(Collected data entries)
(* Let $\Sigma_\pm\subset\mathbb C^3_{(B,A,r)}$ be the set of parameters for which the monodromy $\mathrm{Mon}$ fixes the point $\pm i$. Then $\Sigma_\pm$ consists exactly of those parameters for which $\mathrm{Mon}$ is a parabolic or identical Möbius transformation fixing $\pm i$. Moreover, every parameter $(B,A,r)$ for which $\mathrm{Mon}$ is parabolic or the identity lies in $\Sigma_+\cup\Sigma_-$.
   Context: For complex parameters $(B,A,r)$ with $r\neq0$ set $\omega=\frac1{2r}$, $l=2Br$, $\mu=Ar$, and consider the Riccati equation $\frac{d\Phi}{dz}=z^{-2}\left((lz+\mu(z^2+1))\Phi-\frac{z}{2i\omega}(\Phi^2-1)\right)$ on the Riemann sphere, $z\in\mathbb C^*$. It is the projectivization of a linear system, so its monodromy transformation $\mathrm{Mon}$, acting on initial conditions $\Phi(1)\in\overline{\mathbb C}$ by analytic continuation of solutions along the positively oriented unit circle in the $z$-line, is a Möbius transformation of the Riemann sphere. A Möbius transformation is parabolic if it is not the identity and has exactly one fixed point. *)

From Stdlib Require Import Reals.
From Coquelicot Require Import Coquelicot.
Open Scope R_scope.

Definition omega (r : C) : C := (/ (2 * r))%C.
Definition ell (B r : C) : C := (2 * B * r)%C.
Definition mu (A r : C) : C := (A * r)%C.

Definition riccati_rhs (B A r z Phi : C) : C :=
  (/ (z * z) * ((ell B r * z + mu A r * (z * z + 1)) * Phi
                - z / (2 * Ci * omega r) * (Phi * Phi - 1)))%C.

(* Linear system (u,v)' = M(z) (u,v) whose projectivization Phi = u/v is the
   Riccati equation:  M = [[b, k],[k, 0]] with
   b = (l z + mu (z^2+1))/z^2, k = 1/(2 i omega z).
   Indeed (u/v)' = k + b Phi - k Phi^2 = riccati_rhs. *)
Definition sys_b (B A r z : C) : C :=
  ((ell B r * z + mu A r * (z * z + 1)) / (z * z))%C.
Definition sys_k (r z : C) : C := (/ (2 * Ci * omega r * z))%C.

Definition circ (t : R) : C := (cos t, sin t).

Record mat2 := Mat2 { m11 : C; m12 : C; m21 : C; m22 : C }.

(* (u,v) : R -> C*C solves the linear system pulled back along z = e^{it}:
   d/dt (u,v) = z'(t) M(z(t)) (u,v),  z'(t) = i e^{it}. *)
Definition solves_sys (B A r : C) (u v : R -> C) : Prop :=
  forall t, 0 <= t <= 2 * PI ->
    is_derive u t (Ci * circ t * (sys_b B A r (circ t) * u t + sys_k r (circ t) * v t))%C /\
    is_derive v t (Ci * circ t * (sys_k r (circ t) * u t))%C.

Definition is_monodromy_matrix (B A r : C) (T : mat2) : Prop :=
  exists u1 v1 u2 v2 : R -> C,
    solves_sys B A r u1 v1 /\ solves_sys B A r u2 v2 /\
    u1 0 = 1%C /\ v1 0 = 0%C /\ u2 0 = 0%C /\ v2 0 = 1%C /\
    m11 T = u1 (2 * PI) /\ m21 T = v1 (2 * PI) /\
    m12 T = u2 (2 * PI) /\ m22 T = v2 (2 * PI).

(* Riemann sphere: Some z for z in C, None for infinity. *)
Definition sphere := option C.

Definition mobius (T : mat2) (p : sphere) : sphere :=
  match p with
  | Some z =>
      let den := (m21 T * z + m22 T)%C in
      match Req_EM_T (fst den) 0, Req_EM_T (snd den) 0 with
      | left _, left _ => None
      | _, _ => Some ((m11 T * z + m12 T) / den)%C
      end
  | None =>
      match Req_EM_T (fst (m21 T)) 0, Req_EM_T (snd (m21 T)) 0 with
      | left _, left _ => None
      | _, _ => Some (m11 T / m21 T)%C
      end
  end.

Definition fixes (f : sphere -> sphere) (p : sphere) : Prop := f p = p.
Definition is_identity (f : sphere -> sphere) : Prop := forall p, f p = p.
Definition is_parabolic (f : sphere -> sphere) : Prop :=
  ~ is_identity f /\ exists p, fixes f p /\ forall q, fixes f q -> q = p.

# [YOUR GOAL]
Each line of the data is to be output exactly, with none skipped.

# [SOLUTION FOR THIS EXERCISE]
(* Let $\Sigma_\pm\subset\mathbb C^3_{(B,A,r)}$ be the set of parameters for which the monodromy $\mathrm{Mon}$ fixes the point $\pm i$. Then $\Sigma_\pm$ consists exactly of those parameters for which $\mathrm{Mon}$ is a parabolic or identical Möbius transformation fixing $\pm i$. Moreover, every parameter $(B,A,r)$ for which $\mathrm{Mon}$ is parabolic or the identity lies in $\Sigma_+\cup\Sigma_-$.
   Context: For complex parameters $(B,A,r)$ with $r\neq0$ set $\omega=\frac1{2r}$, $l=2Br$, $\mu=Ar$, and consider the Riccati equation $\frac{d\Phi}{dz}=z^{-2}\left((lz+\mu(z^2+1))\Phi-\frac{z}{2i\omega}(\Phi^2-1)\right)$ on the Riemann sphere, $z\in\mathbb C^*$. It is the projectivization of a linear system, so its monodromy transformation $\mathrm{Mon}$, acting on initial conditions $\Phi(1)\in\overline{\mathbb C}$ by analytic continuation of solutions along the positively oriented unit circle in the $z$-line, is a Möbius transformation of the Riemann sphere. A Möbius transformation is parabolic if it is not the identity and has exactly one fixed point. *)

From Stdlib Require Import Reals.
From Coquelicot Require Import Coquelicot.
Open Scope R_scope.

Definition omega (r : C) : C := (/ (2 * r))%C.
Definition ell (B r : C) : C := (2 * B * r)%C.
Definition mu (A r : C) : C := (A * r)%C.

Definition riccati_rhs (B A r z Phi : C) : C :=
  (/ (z * z) * ((ell B r * z + mu A r * (z * z + 1)) * Phi
                - z / (2 * Ci * omega r) * (Phi * Phi - 1)))%C.

(* Linear system (u,v)' = M(z) (u,v) whose projectivization Phi = u/v is the
   Riccati equation:  M = [[b, k],[k, 0]] with
   b = (l z + mu (z^2+1))/z^2, k = 1/(2 i omega z).
   Indeed (u/v)' = k + b Phi - k Phi^2 = riccati_rhs. *)
Definition sys_b (B A r z : C) : C :=
  ((ell B r * z + mu A r * (z * z + 1)) / (z * z))%C.
Definition sys_k (r z : C) : C := (/ (2 * Ci * omega r * z))%C.

Definition circ (t : R) : C := (cos t, sin t).

Record mat2 := Mat2 { m11 : C; m12 : C; m21 : C; m22 : C }.

(* (u,v) : R -> C*C solves the linear system pulled back along z = e^{it}:
   d/dt (u,v) = z'(t) M(z(t)) (u,v),  z'(t) = i e^{it}. *)
Definition solves_sys (B A r : C) (u v : R -> C) : Prop :=
  forall t, 0 <= t <= 2 * PI ->
    is_derive u t (Ci * circ t * (sys_b B A r (circ t) * u t + sys_k r (circ t) * v t))%C /\
    is_derive v t (Ci * circ t * (sys_k r (circ t) * u t))%C.

Definition is_monodromy_matrix (B A r : C) (T : mat2) : Prop :=
  exists u1 v1 u2 v2 : R -> C,
    solves_sys B A r u1 v1 /\ solves_sys B A r u2 v2 /\
    u1 0 = 1%C /\ v1 0 = 0%C /\ u2 0 = 0%C /\ v2 0 = 1%C /\
    m11 T = u1 (2 * PI) /\ m21 T = v1 (2 * PI) /\
    m12 T = u2 (2 * PI) /\ m22 T = v2 (2 * PI).

(* Riemann sphere: Some z for z in C, None for infinity. *)
Definition sphere := option C.

Definition mobius (T : mat2) (p : sphere) : sphere :=
  match p with
  | Some z =>
      let den := (m21 T * z + m22 T)%C in
      match Req_EM_T (fst den) 0, Req_EM_T (snd den) 0 with
      | left _, left _ => None
      | _, _ => Some ((m11 T * z + m12 T) / den)%C
      end
  | None =>
      match Req_EM_T (fst (m21 T)) 0, Req_EM_T (snd (m21 T)) 0 with
      | left _, left _ => None
      | _, _ => Some (m11 T / m21 T)%C
      end
  end.

Definition fixes (f : sphere -> sphere) (p : sphere) : Prop := f p = p.
Definition is_identity (f : sphere -> sphere) : Prop := forall p, f p = p.
Definition is_parabolic (f : sphere -> sphere) : Prop :=
  ~ is_identity f /\ exists p, fixes f p /\ forall q, fixes f q -> q = p.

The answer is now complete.